Странности знаменитого портрета начинаются с его истории. Пикассо, обычно писавший с маху, на этот портрет потратил восемьдесят сеансов. Возможно, ему нравилось бывать у Гертруды, которая подробно объясняла ему природу его гениальности, – в этом допинге Пикассо нуждался до смерти. Так или иначе, на картине ничего не менялось, кроме лица. Оно мешало, ибо все уже было сказано позой. Холст занимает грузная, навалившаяся на зрителя женщина – властная, упрямая, привыкшая, что ее слушают и слушаются, и недовольная этим. (Я-то в ней сразу узнал Марью Васильевну Синявскую, и те, кто с ней знаком, поймут, что это – комплимент.) Лицо ничего не добавляло фигуре, и Пикассо в конце концов соскоблил его, заменив театральной маской. Стоит такую надеть, как актера охватывает чувство трагического высокомерия.

– Не похожа, – сказала Гертруда Стайн, разглядывая законченный портрет.

– Сходство придет со временем, – увернулся художник.

К тому времени Пикассо уже готовился сменить оптику. Стремясь вглубь, он, пользуясь кистью, как микроскопом, хотел открыть нам внутреннее устройство вещей, недоступное не вооруженному кубизмом взгляду.

Именно кубизм поссорил брата с сестрой. Стайны разъехались, разделив коллекцию. Пикассо достался Гертруде. Ей нравились его кубистические полотна. Она уверяла, что так выглядит Испания. Одноцветная земля, где дома не лепятся, как во Франции, к пейзажу, а спорят с ним.

Хемингуэй говорил, что понял кубизм с самолета.

– Авиация, – о том же, но за несколько лет до него писал Иван Аксенов, – открыла нам самые причудливые сочетания плоскостей.

Поскольку «развоплощенная» вещь теряет сходство с собой, кубизм взяла на вооружение армия. Увидав на улицах Парижа машины в камуфляжной окраске, Пикассо признал своих.

Но мне от всего этого не легче. По-моему, простить кубизм можно, лишь забыв все, что мы о нем читали. Зритель должен довериться художнику, который развинчивает природу, чтобы добраться до костяка вещи и собрать ее заново. Не потому что у художника выйдет лучше, а потому что так можно. Произвол, однако, надоедает первым, и мне нравится, когда реальность, подмигивая и выворачиваясь, дает себя узнать, как это происходит у Пикассо. На его работах всегда сохраняется сходство с моделью – извращенное, но именно поэтому пронзительно точное.
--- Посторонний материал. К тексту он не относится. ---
(* For all $m,t\in\mathbb{N}$: $R_t(m,m)=0$, $R_t(m-1,m)=1$, and $R_t(m-2,m)=\min\{t,m\}+1$.
   Context: For a $t\times n$ matrix $\mathbf{v}$ over $\mathbb{F}_2$ with rows $\overline{v}_1,\dots,\overline{v}_t$, $\mathrm{wt}^{(t)}(\mathbf{v})=\left|\bigcup_{i} \mathrm{supp}(\overline{v}_i)\right|$ and $d^{(t)}(\mathbf{u},\mathbf{v})=\mathrm{wt}^{(t)}(\mathbf{u}-\mathbf{v})$. For a linear code $C\subseteq\mathbb{F}_2^n$, $C^t$ is the set of $t\times n$ matrices all of whose rows lie in $C$, and $R_t(C)$ is the smallest integer $\rho$ such that for every $\mathbf{v}\in\mathbb{F}_2^{t\times n}$ some $\mathbf{c}\in C^t$ has $d^{(t)}(\mathbf{v},\mathbf{c})\le\rho$. Reed–Muller codes $\mathrm{RM}(r,m)\subseteq\mathbb{F}_2^{2^m}$: $\mathrm{RM}(0,m)=\{\overline{0},\overline{1}\}$, $\mathrm{RM}(m,m)=\mathbb{F}_2^{2^m}$, and for $1\leq r\leq m-1$, $\mathrm{RM}(r,m)=\{(\overline{u},\overline{u}+\overline{v}) : \overline{u}\in \mathrm{RM}(r,m-1),\ \overline{v}\in\mathrm{RM}(r-1,m-1)\}$. (In particular $\mathrm{RM}(m-1,m)$ is the even-weight code of length $2^m$ and $\mathrm{RM}(m-2,m)$ is the extended Hamming code of length $2^m$; for $m=1$, $\mathrm{RM}(m-2,m)$ is interpreted as $\{\overline{0}\}$.) $R_t(r,m)=R_t(\mathrm{RM}(r,m))$. *)

(* Binary vectors over F_2 are represented as bitseq
   (bool = F_2, addition = xor (+)). *)
From mathcomp Require Import all_boot all_order all_algebra.
Set Implicit Arguments. Unset Strict Implicit. Unset Printing Implicit Defensive.

Definition xorseq (u v : bitseq) : bitseq := [seq p.1 (+) p.2 | p <- zip u v].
Свидетельство тому – портрет Гертруды Стайн. Она сумела его нагнать, когда постарела на две мировые войны.

Красный дзен Фу Баоши

Я никогда не слышал имя Фу Баоши, хотя он и считается лучшим китайским художником XX века. И это при том, что я трепетно отношусь не только к старым мастерам, но и к новым гениям, вроде знаменитого своими креветками Ци Байши и славного конями Сюй Бэйхуна. Свиток последнего – энергичную, как грозовая туча, лошадь – отец умудрился купить на ВДНХ еще до ссоры с Китаем. Добравшись до меня по наследству, этот конь висит у нас на стене на зависть восточным соседям.

Но Фу Баоши я не знал, пока Метрополитен, объединившись с музеями Нанкина и Кливленда, не показал ретроспективу художника[3], который сумел модернизировать китайскую живопись, стать любимцем Мао Цзэдуна и сохранить свою репутацию среди взыскательных ценителей.

Чтобы понять, с кем мы имеем дело, кураторы открыли выставку экспонатом, вызывающим привычное восхищение перед кропотливым китайским гением. Фу начинал резчиком печатей. Его ранний шедевр – печать размером с небольшой палец, на которой он поместил стихотворение в 2765 иероглифов.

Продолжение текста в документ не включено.